Tarunjeet Rattan says she will not hesitate to drop a client who does not understand PR, “I will and I have in the past, when we are not on the same page and the above criteria does not match. More often than not, the client has come back to me after doing the agency rounds because with time they realize that I did give them a true picture of what PR can realistically do for them. This has resulted in much stronger relationships with our set of clients. “
Sanjiv Kataria says that he has, “Dropped a client with a simple email when the new client CEO and I did not agree on the company strengths that needed projection.”
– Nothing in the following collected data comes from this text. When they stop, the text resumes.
Theorem lemma3p7 (R : realType) (N : nat) (theta : nat -> R)
  (theta_decr : forall m, (1 <= m)%N -> theta m.+1 <= theta m)
  (theta_ge0 : forall m, (1 <= m)%N -> 0 <= theta m)
  (theta_cvg0 : theta @ \oo --> (0 : R))
  (b1 b2 : R) (b1_gt0 : 0 < b1) (b2_gt0 : 0 < b2) :
  exists C3 : R, 0 < C3 /\
  forall (A : 'M[nat]_N), zero_one A -> aperiodic A ->
  forall (w0 : Sigma A) (mu : probability (BorelSigma w0) R),
  charges_open mu ->
  forall m : nat, (1 <= m)%N -> theta m <= 1 ->
  forall g : Sigma A -> R[i], inV g -> condH b1 b2 theta g ->
  let gm := Em mu m g in
  (forall phi, inB theta phi -> inB theta (transfer gm phi)) /\
  (forall phi, inB theta phi ->
     inB theta (fun w => (transfer g phi w - transfer gm phi w)%R) /\
     (normB theta (fun w => (transfer g phi w - transfer gm phi w)%R)
        <= (C3 * theta m)%:E * normB theta phi)%E).
Proof.
set B := expbound b1 b2; set K := N%:R * B * b2 * (60 + 12 * theta 1).
have B0 : 0 <= B := expbound_ge0 b1_gt0 b2_gt0.
have b20 := ltW b2_gt0; have T0 : 0 <= theta 1 := theta_ge0 _ (leqnn 1).
have K0 : 0 <= K.
  apply: mulr_ge0; last by apply: addr_ge0 => //; exact: mulr_ge0.
  by apply: mulr_ge0 => //; exact: mulr_ge0.
exists (K + 1); split; first by rewrite ltr_pwDr.
move=> A _ _ w0 mu mu_open m m_ge1 tm1 g _ gH gm.
have tm0 : 0 <= theta m := theta_ge0 _ m_ge1.
have W0 : 0 <= 30 * B * b2 * theta 1.
  by apply: mulr_ge0 => //; apply: mulr_ge0 => //; exact: mulr_ge0.
split => phi phiB.
  rewrite transferE.
  have hU x : cmod (cexp (gm x)) <= B.
    by rewrite cmod_cexp (exp_Re_Em theta_decr theta_ge0 b2_gt0 mu_open m_ge1 tm1 gH).
  have [] // := wtransfer_normB _ theta_decr theta_ge0 theta_cvg0 w0 B0 W0 hU
    (weight_Em theta_decr theta_ge0 b1_gt0 b2_gt0 mu_open m_ge1 tm1 gH) (lexx _) phiB.
rewrite !transferE wtransferBl.
have U0 : 0 <= 12 * B * b2 * theta m.
  by apply: mulr_ge0 => //; apply: mulr_ge0 => //; exact: mulr_ge0.
have W'0 : 0 <= 24 * B * b2 * theta m.
  by apply: mulr_ge0 => //; apply: mulr_ge0 => //; exact: mulr_ge0.
apply: (wtransfer_normB _ theta_decr theta_ge0 theta_cvg0 w0 U0 W'0
  (diff_sup theta_decr theta_ge0 b1_gt0 b2_gt0 mu_open m_ge1 tm1 gH)
  (weight_diff theta_decr theta_ge0 b1_gt0 b2_gt0 mu_open m_ge1 tm1 gH) _ phiB).
rewrite -subr_ge0.
have -> : (K + 1) * theta m - N%:R * (3 * (12 * B * b2 * theta m) +
    24 * B * b2 * theta m + 12 * B * b2 * theta m * theta 1) = theta m.
  by rewrite /K; ring.
exact: tm0.
Qed.
Lemma weak_coboundary_torsion_primitive (e : C -> C -> A) : is_weak_coboundary e ->
  exists2 phi : C -> A, phi 0 = 0 & forall x y, e x y - cobound phi x y \in tA.
Proof.
move=> [[e0 _ _] eW].
have cyclic_primitive w : exists psi : C -> A,
    forall k l, e (w *+ k) (w *+ l) = cobound psi (w *+ k) (w *+ l).
  have [S SG inS] := finite_subgroup_span2 (C_torsion w) (C_torsion 0).
  have [psi epsi] := eW S SG; exists psi => k l.
  by apply: epsi; [have := inS k 0%N | have := inS l 0%N]; rewrite mulr0n addr0.
have [Psi ePsi] := choice cyclic_primitive.
exists (fun w => Psi w w).
  by have := ePsi 0 0%N 0%N; rewrite mulr0n cobound00 e0.
move=> x y; have [S SG inS] := finite_subgroup_span2 (C_torsion x) (C_torsion y).
have [psi epsi] := eW S SG.
have primitives_agree w :
    (exists i j, w = x *+ i + y *+ j) -> psi w - Psi w w \in tA.
  move=> [i [j ->]]; apply: cobound_eq_torsion; first exact: C_torsion.
  move=> k l; rewrite -ePsi; symmetry; apply: epsi;
  by rewrite mulrnDl -!mulrnA inS.
have xS : x \in S by have := inS 1%N 0%N; rewrite mulr1n mulr0n addr0.
have yS : y \in S by have := inS 0%N 1%N; rewrite mulr1n mulr0n add0r.
have -> : e x y = cobound psi x y by exact: epsi.
change (csub (cobound psi) (cobound (fun w => Psi w w)) x y \in tA).
rewrite -coboundB /cobound.
apply: rpredD; first apply: rpredB; apply: primitives_agree.
- by exists 0%N, 1%N; rewrite mulr0n mulr1n add0r.
- by exists 1%N, 1%N; rewrite !mulr1n.
- by exists 1%N, 0%N; rewrite mulr1n mulr0n addr0.
Qed.

End WeakCoboundaries.

Definition cochain_map (C X Y : Type) (f : X -> Y) (c : C -> C -> X) : C -> C -> Y :=
  fun x y => f (c x y).

Section AdditiveCochainMap.
Variables (C X Y : zmodType) (f : {additive X -> Y}).
Implicit Types (c d : C -> C -> X).
Local Notation F := (cochain_map f).

Lemma cochain_mapB c d : F (csub c d) = csub (F c) (F d).
Proof. by do 2!apply: funext => ?; exact: raddfB. Qed.

Lemma cochain_mapD c d : F (cadd c d) = cadd (F c) (F d).
Proof. by do 2!apply: funext => ?; exact: raddfD. Qed.

Lemma cochain_map_cobound (phi : C -> X) : F (cobound phi) = cobound (f \o phi).
Proof. by do 2!apply: funext => ?; rewrite /cochain_map /cobound raddfD raddfB. Qed.

Lemma cocycle_map c : is_cocycle c -> is_cocycle (F c).
Proof.
move=> [c0 cC cA]; split=> [x | x y | x y z]; rewrite /cochain_map.
- by rewrite c0 raddf0.
- by rewrite cC.
- by rewrite -!raddfB -raddfD -raddfB cA raddf0.
Qed.

Lemma cocycle_map_inj c : injective f -> is_cocycle (F c) -> is_cocycle c.
Proof.
move=> f_inj [c0 cC cA]; split=> [x | x y | x y z]; apply: f_inj.
- by rewrite raddf0; apply: c0.
- exact: cC.
- by rewrite raddf0 !raddfB raddfD raddfB; apply: cA.
Qed.

Lemma coboundary_map c : is_coboundary c -> is_coboundary (F c).
Proof.
move=> /is_coboundaryP[phi phi0 ->]; apply/is_coboundaryP.
by exists (f \o phi); rewrite ?cochain_map_cobound //= phi0 raddf0.
Qed.

Lemma weak_coboundary_map c : is_weak_coboundary c -> is_weak_coboundary (F c).
Proof.
move=> [cC cW]; split=> [|S SG]; first exact: cocycle_map.
have [phi cE] := cW S SG; exists (f \o phi) => x y xS yS.
by rewrite /cochain_map cE // raddfD raddfB.
Qed.

End AdditiveCochainMap.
Dealing with unrealistic expectations
While in the long term, educating the entire ecosystem about PR is the answer, there are challenges there as well. Says Sanjiv Kataria, “Deploying a different and specific approach to each situation that drives the varied PR needs of an organisation--be it MNCs or Corporations, Government Departments or PSUs, Political Parties or NGOs, Start Ups or Legacy institutions—is as critical as basing communication on the fundamental tenets of facts, honesty and credibility.”
“The channels of communication have to be open at all times—good, bad and ugly--to win customer confidence. It is prudent to publically admit product failures, service deficiency or non-compliance to retain customers. Positive customer experience, alone, can go a long way in averting and handling crises,” adds Kataria.
Vikram Kharvi agrees that,” There is no best way to deal with unrealistic expectations; all depends on who you are talking to. Agencies can’t make magic happen if the client isn’t receptive. So the only way to deal with this is to try explaining it to the client in the best possible manner, if they still insist then only do what is achievable to the best of your abilities without doing anything unethical or something that you will regret later.”
Tarunjeet Rattan advises that, “If the prospective client understands or is willing to educate themselves on PR then readily work with them as the client-agency relationship has to weather a lot of projects – successful or failed, challenges, altercations, disagreements and find a solution to work together. If they don’t understand this and you still take up the client then go with your eyes and ears and recorders ready-because you will have to reiterate and repeat everything and maintain copious records of everything you say to ensure you are ‘safe.’ But in my opinion, such a situation never works for either party as it is set to fail with every minor roadblock.”
Seema Bhatia, a psychologist, who trained at the British Psychological Society, advises: “People in PR, should not feel that if they cannot meet expectations, it’s a failure that will affect their reputation. It is easier said than done, but companies need to understand that the PR process involves dealing with human minds that are unpredictable and ever-changing and therefore outcomes cannot be always guaranteed. Since PR cannot always be a fixed formula, PR professionals have to also convey the possibility of failure to those they report to.”